Many of the plans also offer investors the opportunity to purchase additional shares directly at no-cost or for minimal fees. This was the perfect tool for my entry into the investor class. It allowed me to put an extra $100 a month into the stocks, much like I did with my mutual funds.

After reading Peter Lynch's One Up on Wall Street, I decided to follow his instructions and focus on what I knew. In 1995 with $2,000 in my pocket, I purchased stock in Home Depot (HD) and my local gas company - Piedmont Natural Gas (PNY) - through their DRIPs. Both turned out to be very good investment not only because of price appreciation, but also because of the DRIP. Take PNY as an example: not only did the stock pay a 9% dividend at the time I purchased it, PNY offered a 5% discount on all shares purchased with reinvested dividends! An investment of $1,000 in PNY's DRIP in January 1996 would be worth $6,793 today, nearly $1,800 more than if dividends were not reinvested (see table.)

The non-DRIP results don't include the potential return from the dividends, but the table offers a sense of the power of DRIPs.

There is another benefit of this approach: the reinvested dividends buy more shares that then earn dividends. That initial $1,000 investment would now generate $253 in dividends a year (vs. $144 w/out reinvestment.)

Home Depot on the other hand had only a 0.5% yield. As a result, $1,000 invested in HD's DRIP in January 1996 would now be worth $4,508, only $62 more than if if dividends were not reinvested in the stock.

The lesson I learned is that DRIPs, especially those from companies that pay a decent dividend, are a great way to get started investing in individual companies. As an added bonus, it's a great way to save on brokerage fees if you invest a relatively small amount on a regular basis.

A couple years after making those first investments (and landing a job!), I graduated to a full-fledged brokerage account and forgot about the power of DRIPs. Recently, however, I noticed that my brokerage will automatically reinvest dividends in any common stock at no cost. I called the next morning and enrolled. Now I just need to wait for the next dividend season!

Additional Resources

Categories: [Dividends] [Investing]



2 Comments:
Anonymous Diffus said...

DRIPs are great in theory, and in many cases, in practice.

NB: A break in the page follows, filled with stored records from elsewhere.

(* Let $n\ge1$, $l\ge n$, let $(a_{ik})$ be a real $l\times n$ matrix, let $E_1,\dots,E_l\subset\mathbb{R}^n$ be measurable sets of finite measure, and let $1\le t\le n$. Then $$\sup_{y_j\in\mathcal{S}_{e_t}(E_j),\,j=1,\dots,l}\det\Big(0,\sum_{i=1}^{l}a_{i1}y_i,\dots,\sum_{i=1}^{l}a_{in}y_i\Big)\le\sup_{y_j\in E_j,\,j=1,\dots,l}\det\Big(0,\sum_{i=1}^{l}a_{i1}y_i,\dots,\sum_{i=1}^{l}a_{in}y_i\Big).$$ In particular (taking appropriate matrices $(a_{ik})$), $\sup_{y_j\in\mathcal{S}_{e_t}(E_j)}\det(0,y_1,\dots,y_n)\le\sup_{y_j\in E_j}\det(0,y_1,\dots,y_n)$ and $\sup_{y_j\in\mathcal{S}_{e_t}(E_j)}\det(y_1,\dots,y_{n+1})\le\sup_{y_j\in E_j}\det(y_1,\dots,y_{n+1})$.
   Context: $\{e_1,\dots,e_n\}$ is the standard basis of $\mathbb{R}^n$. For $z_1,\dots,z_n\in\mathbb{R}^n$, $\det(0,z_1,\dots,z_n)$ denotes $|\det M|$ where $M$ is the $n\times n$ matrix with columns $z_1,\dots,z_n$. For $y_1,\dots,y_{n+1}\in\mathbb{R}^n$, $\det(y_1,\dots,y_{n+1})$ denotes the absolute value of the determinant of the matrix with columns $y_1-y_{n+1},\dots,y_n-y_{n+1}$ (equal to $n!$ times the volume of the simplex with these vertices). For a unit vector $u\in\mathbb{R}^n$ and a measurable $A\subset\mathbb{R}^n$, the Steiner symmetrisation is $\mathcal{S}_u(A)=\{tu+y:\ y\in u^\perp,\ A\cap(\mathbb{R}u+y)\neq\emptyset,\ |t|\le |A\cap(\mathbb{R}u+y)|/2\}$, where $|A\cap(\mathbb{R}u+y)|$ is one-dimensional Lebesgue measure on the line $\mathbb{R}u+y$. *)

From HB Require Import structures.
From mathcomp Require Import all_boot all_order all_algebra.
From mathcomp Require Import all_classical all_reals all_analysis.
Set Implicit Arguments. Unset Strict Implicit. Unset Printing Implicit Defensive.
Import Order.TTheory GRing.Theory Num.Theory.
Local Open Scope classical_set_scope.
Local Open Scope ring_scope.

Definition ebasis (R : realType) (n : nat) (t : 'I_n) : 'rV[R]_n :=
  \row_(j < n) (j == t)%:R.

Definition box (R : realType) (n : nat) (a b : 'rV[R]_n) : set 'rV[R]_n :=
  [set x | forall i, a ord0 i <= x ord0 i <= b ord0 i].
Definition box_vol (R : realType) (n : nat) (a b : 'rV[R]_n) : R :=
  \prod_(i < n) (b ord0 i - a ord0 i).

Definition leb_outer (R : realType) (n : nat) (A : set 'rV[R]_n) : \bar R :=
  ereal_inf [set (\sum_(0 <= k <oo) (box_vol (ab.1 k) (ab.2 k))%:E)%E
            | ab in [set ab : (nat -> 'rV[R]_n) * (nat -> 'rV[R]_n) |
                (forall k i, ab.1 k ord0 i <= ab.2 k ord0 i) /\
                A `<=` \bigcup_k box (ab.1 k) (ab.2 k)]].

Definition leb_measurable (R : realType) (n : nat) (A : set 'rV[R]_n) : Prop :=
  (@leb_outer R n).-caratheodory A.

Definition section_measure (R : realType) (n : nat) (t : 'I_n)
    (A : set 'rV[R]_n) (y : 'rV[R]_n) : \bar R :=
  leb_outer [set r : 'rV[R]_1 | A (y + r ord0 ord0 *: ebasis R t)].

(* Steiner symmetrisation S_{e_t}(A): points s e_t + y with y ⊥ e_t,
   the line through y meets A, and |s| <= |A ∩ line| / 2. *)
Definition steiner (R : realType) (n : nat) (t : 'I_n) (A : set 'rV[R]_n)
  : set 'rV[R]_n :=
  [set x : 'rV[R]_n | let y : 'rV[R]_n := x - x ord0 t *: ebasis R t in
     (exists s : R, A (y + s *: ebasis R t)) /\
     ((`|x ord0 t| *+ 2)%:E <= section_measure t A y)%E].

(* det(0, sum_i a_i1 y_i, ..., sum_i a_in y_i): |det| of the n x n matrix
   whose k-th column is sum_i a_ik y_i. *)
Definition comb_det (R : realType) (l n : nat) (a : 'M[R]_(l, n))
  (y : 'I_l -> 'rV[R]_n) : R :=
  `| \det (\matrix_(j < n, k < n) \sum_(i < l) a i k * y i ord0 j) |.

Definition sup_comb_det (R : realType) (l n : nat) (a : 'M[R]_(l, n))
  (F : 'I_l -> set 'rV[R]_n) : \bar R :=
  ereal_sup [set (comb_det a y)%:E | y in [set y : 'I_l -> 'rV[R]_n | forall j, F j (y j)]].

From HB Require Import structures.
From mathcomp Require Import all_boot all_order all_algebra.
From mathcomp Require Import all_classical all_reals all_analysis.
From mathcomp Require Import lra.
Import Order.TTheory GRing.Theory Num.Theory.
Local Open Scope classical_set_scope.
Local Open Scope ring_scope.
Set Implicit Arguments. Unset Strict Implicit. Unset Printing Implicit Defensive.

(* Write each y_i as p_i + s_i e_t with p_i orthogonal to e_t.  Expanding the
   determinant along row t shows that it is a linear form L(s) = sum_i b_i s_i
   of the t-coordinates alone.  A point of S_{e_t}(E_i) with t-coordinate s_i
   lies on a line whose section through E_i has length at least 2|s_i|, so it
   contains points p_i + u_i e_t and p_i + v_i e_t with u_i - v_i almost 2|s_i|.
   Choosing simultaneously, for every i, the endpoint that maximises (resp.
   minimises) b_i u, the two resulting values of L straddle an interval of
   length almost 2 sum_i |b_i s_i| >= 2 |L(s)|, so one of them has absolute
   value almost |L(s)|. *)

Lemma leb_outer1_le_interval (R : realType) (A : set 'rV[R]_1) (c D : R) :
  0 <= D -> (forall r, A r -> c - D <= r ord0 ord0 <= c) ->
  (leb_outer A <= D%:E)%E.
Proof.
move=> D_ge0 AcD; apply: ge_ereal_inf.
pose ab := ((fun k : nat => if k == 0%N then const_mx (c - D) else 0 : 'rV[R]_1),
            (fun k : nat => if k == 0%N then const_mx c else 0 : 'rV[R]_1)).
exists (\sum_(0 <= k <oo) (box_vol (ab.1 k) (ab.2 k))%:E)%E.
  exists ab => //; split.
    by move=> [|k] i /=; rewrite ?mxE ?lerBlDr ?lerDl.
  by move=> r Ar; exists 0%N => // i; rewrite !mxE (ord1 i); exact: AcD.
rewrite (nneseries_split 0 1).
  rewrite eseries0 ?adde0.
    by rewrite big_nat1 /= /box_vol big_ord1 !mxE opprB addrC subrK.
  by move=> [|k] //= _ _; rewrite /box_vol big_ord1 !mxE subrr.
move=> [|k] _ /=; rewrite /box_vol big_ord1 !mxE ?subrr // lee_fin.
by rewrite opprB addrC subrK.
Qed.

Lemma leb_outer1_gt_spread (R : realType) (A : set 'rV[R]_1) (D : R) :
  A !=set0 -> (D%:E < leb_outer A)%E ->
  exists u v, [/\ A u, A v & D < u ord0 ord0 - v ord0 ord0].
Proof.
move=> [x0 Ax0] D_lt_A.
apply/not_existsP => no_spread.
have spreadA u v : A u -> A v -> u ord0 ord0 - v ord0 ord0 <= D.
  move=> Au Av; rewrite leNgt; apply/negP => Duv.
  by apply: (no_spread u); exists v.
have D_ge0 : 0 <= D by have := spreadA _ _ Ax0 Ax0; rewrite subrr.
pose S := [set r ord0 ord0 | r in A].
have S_neq0 : S !=set0 by exists (x0 ord0 ord0), x0.
have supS : has_sup S.
  by split=> //; exists (x0 ord0 ord0 + D) => _ [r Ar <-]; rewrite -lerBlDl spreadA.
suff : (leb_outer A <= D%:E)%E by rewrite leNgt D_lt_A.
apply: (@leb_outer1_le_interval _ _ (sup S)) => // r Ar; apply/andP; split.
  rewrite lerBlDr; apply: ge_sup => // _ [u Au <-].
  by have := spreadA u r Au Ar; lra.
by apply: sup_upper_bound => //; exists r.
Qed.

Lemma steiner_section_spread (R : realType) (n : nat) (t : 'I_n)
    (A : set 'rV[R]_n) (x : 'rV[R]_n) (d : R) :
  0 < d -> steiner t A x ->
  exists uv : R * R,
    let p := x - x ord0 t *: ebasis R t in
    [/\ A (p + uv.1 *: ebasis R t), A (p + uv.2 *: ebasis R t)
       & `|x ord0 t| *+ 2 - d < uv.1 - uv.2].
Proof.
move=> d_gt0 [[s As] wide]; set p := x - _.
pose sect := [set r : 'rV[R]_1 | A (p + r ord0 ord0 *: ebasis R t)].
have sect_neq0 : sect !=set0 by exists (const_mx s); rewrite /sect /= mxE.
have sect_wide : ((`|x ord0 t| *+ 2 - d)%:E < leb_outer sect)%E.
  by apply: lt_le_trans wide; rewrite lte_fin; lra.
have [u [v [Au Av duv]]] := leb_outer1_gt_spread sect_neq0 sect_wide.
by exists (u ord0 ord0, v ord0 ord0).
Qed.

Lemma comb_det_linear_coord (R : realType) (n l : nat) (a : 'M[R]_(l, n))
    (t : 'I_n) (p : 'I_l -> 'rV[R]_n) :
  (forall i, p i ord0 t = 0) ->
  exists b : 'I_l -> R, forall s : 'I_l -> R,
    comb_det a (fun i => p i + s i *: ebasis R t) = `|\sum_i b i * s i|.
Proof.
move=> pt0.
pose M (s : 'I_l -> R) :=
  \matrix_(j < n, k < n) \sum_(i < l) a i k * (p i + s i *: ebasis R t) ord0 j.
exists (fun i => \sum_k a i k * cofactor (M (fun=> 0)) t k) => s.
rewrite /comb_det -/(M s) (expand_det_row _ t); congr `|_|.
have cofactorE k : cofactor (M s) t k = cofactor (M (fun=> 0)) t k.
  rewrite /cofactor; congr (_ * \det _); apply/matrixP => i j; rewrite !mxE.
  apply: eq_bigr => i' _; rewrite !mxE eq_sym (negbTE (neq_lift t i)).
  by rewrite mulr0 !mul0r !addr0.
have rowtE k : M s t k = \sum_i a i k * s i.
  by rewrite mxE; apply: eq_bigr => i _; rewrite !mxE pt0 eqxx mulr1 add0r.
under eq_bigr => k _ do rewrite cofactorE rowtE big_distrl.
rewrite exchange_big /=; apply: eq_bigr => i _; rewrite big_distrl /=.
by apply: eq_bigr => k _; rewrite mulrAC.
Qed.

Lemma norm_linear_le_extreme_choice (R : realFieldType) (l : nat)
    (b s u v : 'I_l -> R) (d : R) :
  (forall i, `|s i| *+ 2 - d <= u i - v i) ->
  exists w : 'I_l -> R, (forall i, w i = u i \/ w i = v i) /\
    `|\sum_i b i * s i| <= `|\sum_i b i * w i| + d * (\sum_i `|b i|) / 2.
Proof.
move=> uv_wide.
pose U i := if 0 <= b i then u i else v i.
pose V i := if 0 <= b i then v i else u i.
have UV_wide i : `|b i| * (`|s i| *+ 2 - d) <= b i * U i - b i * V i.
  rewrite -mulrBr /U /V; case: (lerP 0 (b i)) => [b_ge0|b_lt0].
    by rewrite ger0_norm // ler_wpM2l.
  by rewrite ltr0_norm //; have := uv_wide i; nra.
have sum_wide : (\sum_i `|b i| * `|s i|) *+ 2 - d * \sum_i `|b i|
                <= \sum_i b i * U i - \sum_i b i * V i.
  rewrite -sumrB mulr_sumr -sumrMnl -sumrB; apply: ler_sum => i _.
  by apply: le_trans (UV_wide i); rewrite mulrBr mulrnAr [d * _]mulrC.
have norm_s : `|\sum_i b i * s i| <= \sum_i `|b i| * `|s i|.
  by apply: le_trans (ler_norm_sum _ _ _) _; apply: ler_sum => i _; rewrite normrM.
have normU := ler_norm (\sum_i b i * U i).
have normV : - \sum_i b i * V i <= `|\sum_i b i * V i| by rewrite -normrN ler_norm.
have [UV|VU] := leP `|\sum_i b i * V i| `|\sum_i b i * U i|.
- exists U; split; first by move=> i; rewrite /U; case: ifP; [left|right].
  lra.
- exists V; split; first by move=> i; rewrite /V; case: ifP; [right|left].
  lra.
Qed.

Lemma comb_det_le_sup (R : realType) (l n : nat) (a : 'M[R]_(l, n))
    (F : 'I_l -> set 'rV[R]_n) (y : 'I_l -> 'rV[R]_n) :
  (forall j, F j (y j)) -> ((comb_det a y)%:E <= sup_comb_det a F)%E.
Proof. by move=> Fy; apply: ereal_sup_ubound; exists y. Qed.

Theorem mainTheorem8 (R : realType) (n l : nat) (a : 'M[R]_(l, n))
  (E : 'I_l -> set 'rV[R]_n) (t : 'I_n) :
  (1 <= n)%N -> (n <= l)%N ->
  (forall j, leb_measurable (E j)) ->
  (forall j, (leb_outer (E j) < +oo)%E) ->
  (sup_comb_det a (fun j => steiner t (E j)) <= sup_comb_det a E)%E.
Proof.
move=> _ _ _ _; apply: ge_ereal_sup => _ [y Sy <-].
pose e := ebasis R t.
pose p i := y i - y i ord0 t *: e.
have [|b detE] := @comb_det_linear_coord R n l a t p.
  by move=> i; rewrite !mxE eqxx mulr1 subrr.
have -> : comb_det a y = `|\sum_i b i * y i ord0 t|.
  by rewrite -detE; congr comb_det; apply: funext => i; rewrite /p subrK.
apply/lee_addgt0Pr => eps eps_gt0.
pose B := \sum_i `|b i|.
have B_ge0 : 0 <= B by apply: sumr_ge0 => i _.
pose d := eps / (B + 1).
have d_gt0 : 0 < d by rewrite divr_gt0 // ltr_wpDl.
have dB_le : d * B <= eps.
  by rewrite /d mulrAC ler_pdivrMr ?ltr_wpDl // ler_pM2l ?lerDl.
have [uv uvP] := boolp.choice (fun i => steiner_section_spread d_gt0 (Sy i)).
have [|w [wuv detw]] := @norm_linear_le_extreme_choice R l b (fun i => y i ord0 t)
                          (fun i => (uv i).1) (fun i => (uv i).2) d.
  by move=> i; have [_ _ /ltW] := uvP i.
have Ew : forall j, E j (p j + w j *: e).
  by move=> j; have [] := uvP j; case: (wuv j) => ->.
apply: le_trans (leeD2r _ (comb_det_le_sup a Ew)).
rewrite detE -EFinD lee_fin (le_trans detw) // lerD2l -/B.
by rewrite ler_pdivrMr // (le_trans dB_le) // ler_peMr ?ler1n // ltW.
Qed.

I can think of two potential problems. Both, however, can be obviated by keeping detailed and accurate recprds of all DRIP acquisitions.

First, you need to be sure and keep excellent records so that, when the shares are disposed of, you have can determine your cost basis accurately for tax purposes.

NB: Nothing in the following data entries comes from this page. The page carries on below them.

Lemma A_interpolate2 (F : T -> R) x y : K x -> K y ->
  exists2 h, A h & h x = F x /\ h y = F y.
Proof.
move=> Kx Ky; have [<-|xy] := pselect (x = y); first by exists (fun=> F x).
have [g Ag gxy] := Asep Kx Ky xy.
have gxy0 : g y - g x != 0 by rewrite subr_eq0 eq_sym; apply/eqP.
exists (fun z => F x + (F y - F x) / (g y - g x) * (g z + (-1) * g x)).
  by apply: Aadd => //; apply: Ascale; apply: Aadd => //; exact: Ascale.
by split; [rewrite mulN1r subrr mulr0 addr0 | field].
Qed.

Lemma uapprox_cont_below F x e : {within K, continuous F} -> K x -> 0 < e ->
  exists2 g, uapprox_cont g & g x = F x /\ forall z, K z -> g z < F z + e.
Proof.
move=> cF Kx e0; have e2 : 0 < e / 2 by rewrite divr_gt0.
have /choice[h hP] : forall y, exists hy : T -> R,
    A hy /\ (K y -> hy x = F x /\ hy y = F y).
  move=> y; have [Ky|nKy] := pselect (K y); last by exists (fun=> 0); split.
  by have [hy Ahy hyP] := A_interpolate2 F Kx Ky; exists hy.
have near_below y : K y -> nbhs y [set z | K z -> h y z < F z + e].
  move=> Ky; have [_ hyy] := (hP y).2 Ky.
  apply: filterS2 (continuous_within_near (Acont (hP y).1) Ky e2)
    (continuous_within_near cF Ky e2) => z + + Kz.
  by rewrite /= hyy !ltr_norml => /(_ Kz)/andP[? ?] /(_ Kz)/andP[? ?]; lra.
have [s sK sP] := compact_nbhs_finite_cover compactK near_below.
exists (fun z => \big[Num.min/h x z]_(y <- s) h y z).
  by apply: uapprox_cont_bigmin => [|y]; exact/uapprox_contA/(hP _).1.
split=> [|z Kz].
  have [hxx _] := (hP x).2 Kx.
  rewrite big_seq bigmin_eq_id // => y sy.
  by rewrite hxx ((hP y).2 (sK y sy)).1.
have [y sy hyz] := sP z Kz; apply: le_lt_trans (hyz Kz); exact: ge_bigmin_seq.
Qed.

Theorem stone_weierstrass F : {within K, continuous F} -> uapprox F.
Proof.
move=> cF e e0; have e2 : 0 < e / 2 by rewrite divr_gt0.
have [[x0 Kx0]|K0] := pselect (K !=set0); last first.
  by exists (fun=> 0) => // x Kx; case: K0; exists x.
have /choice[g gP] : forall x, exists gx, uapprox_cont gx /\
    (K x -> gx x = F x /\ forall z, K z -> gx z < F z + e / 2).
  move=> x; have [Kx|nKx] := pselect (K x); last first.
    by exists (fun=> 0); split => //; exact/uapprox_contA/Aconst.
  by have [gx ? ?] := uapprox_cont_below cF Kx e2; exists gx.
have near_above x : K x -> nbhs x [set z | K z -> F z - e / 2 < g x z].
  move=> Kx; have [gxx _] := (gP x).2 Kx.
  have e4 : 0 < e / 4 by rewrite divr_gt0.
  apply: filterS2 (continuous_within_near (gP x).1.2 Kx e4)
    (continuous_within_near cF Kx e4) => z + + Kz.
  by rewrite /= gxx !ltr_norml => /(_ Kz)/andP[? ?] /(_ Kz)/andP[? ?]; lra.
have [s sK sP] := compact_nbhs_finite_cover compactK near_above.
pose G z := \big[Num.max/g x0 z]_(x <- s) g x z.
have [aG _] : uapprox_cont G by apply: uapprox_cont_bigmax => [|x]; exact: (gP _).1.
have [a Aa Ga] := aG _ e2; exists a => // z Kz.
have G_lt : G z < F z + e / 2.
  rewrite /G big_seq; apply: bigmax_lt => [|x sx]; first exact: ((gP x0).2 Kx0).2.
  exact: ((gP x).2 (sK x sx)).2.
have G_gt : F z - e / 2 < G z.
  have [x sx gxz] := sP z Kz; apply: lt_le_trans (gxz Kz) _; exact: le_bigmax_seq.
rewrite -(subrK (G z) (F z)) -addrA; apply: le_trans (ler_normD _ _) _.
have : `|F z - G z| <= e / 2 by rewrite ler_norml; apply/andP; split; lra.
by have := Ga z Kz; lra.
Qed.

End StoneWeierstrass.

Import ArrowAsProduct.

Section FadingMemory.
Context {R : realType} (D : set R) (L : R).

Lemma in_Kneg_compact : compact D -> compact (in_Kneg D L).
Proof.
move=> cD; have cDL : compact (D `&` [set x | `|x| <= L]).
  apply: compact_closedI => //.
  rewrite (_ : [set x | `|x| <= L] = (fun x : R => `|x|) @^-1` [set x | x <= L]) //.
  by apply: closed_comp; [move=> x _; exact: norm_continuous | exact: closed_le].
exact: (@tychonoff nat (fun=> R) (fun=> D `&` [set x | `|x| <= L]) (fun=> cDL)).
Qed.

Variable w : nat -> R.
Hypothesis w_null : null_sequence w.
Hypothesis L_gt0 : 0 < L.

Second, unless you have accurate records, if your stock splits or spins off, you're in for a doozy of a time figuring out what you have left and how much you paid for it.

Computerization and Internet access make these less of an issue now, but I and my mother were in AT&T's DRIP for many, many years. During that time, AT&T spun off several subsidiaries, and, not having kept detailed records, my mother and I had absolutely no idea of what the cost basis of either the spun-off shares or of our remaining AT&T investments were.

12/21/2005 9:04 PM  

Blogger Jeremy said...

Thanks Diffus. Those are excellent points. I used MS Money to keep track of my DRIPs and it was pretty simple. The only complexity I encountered, however, was an occasional split.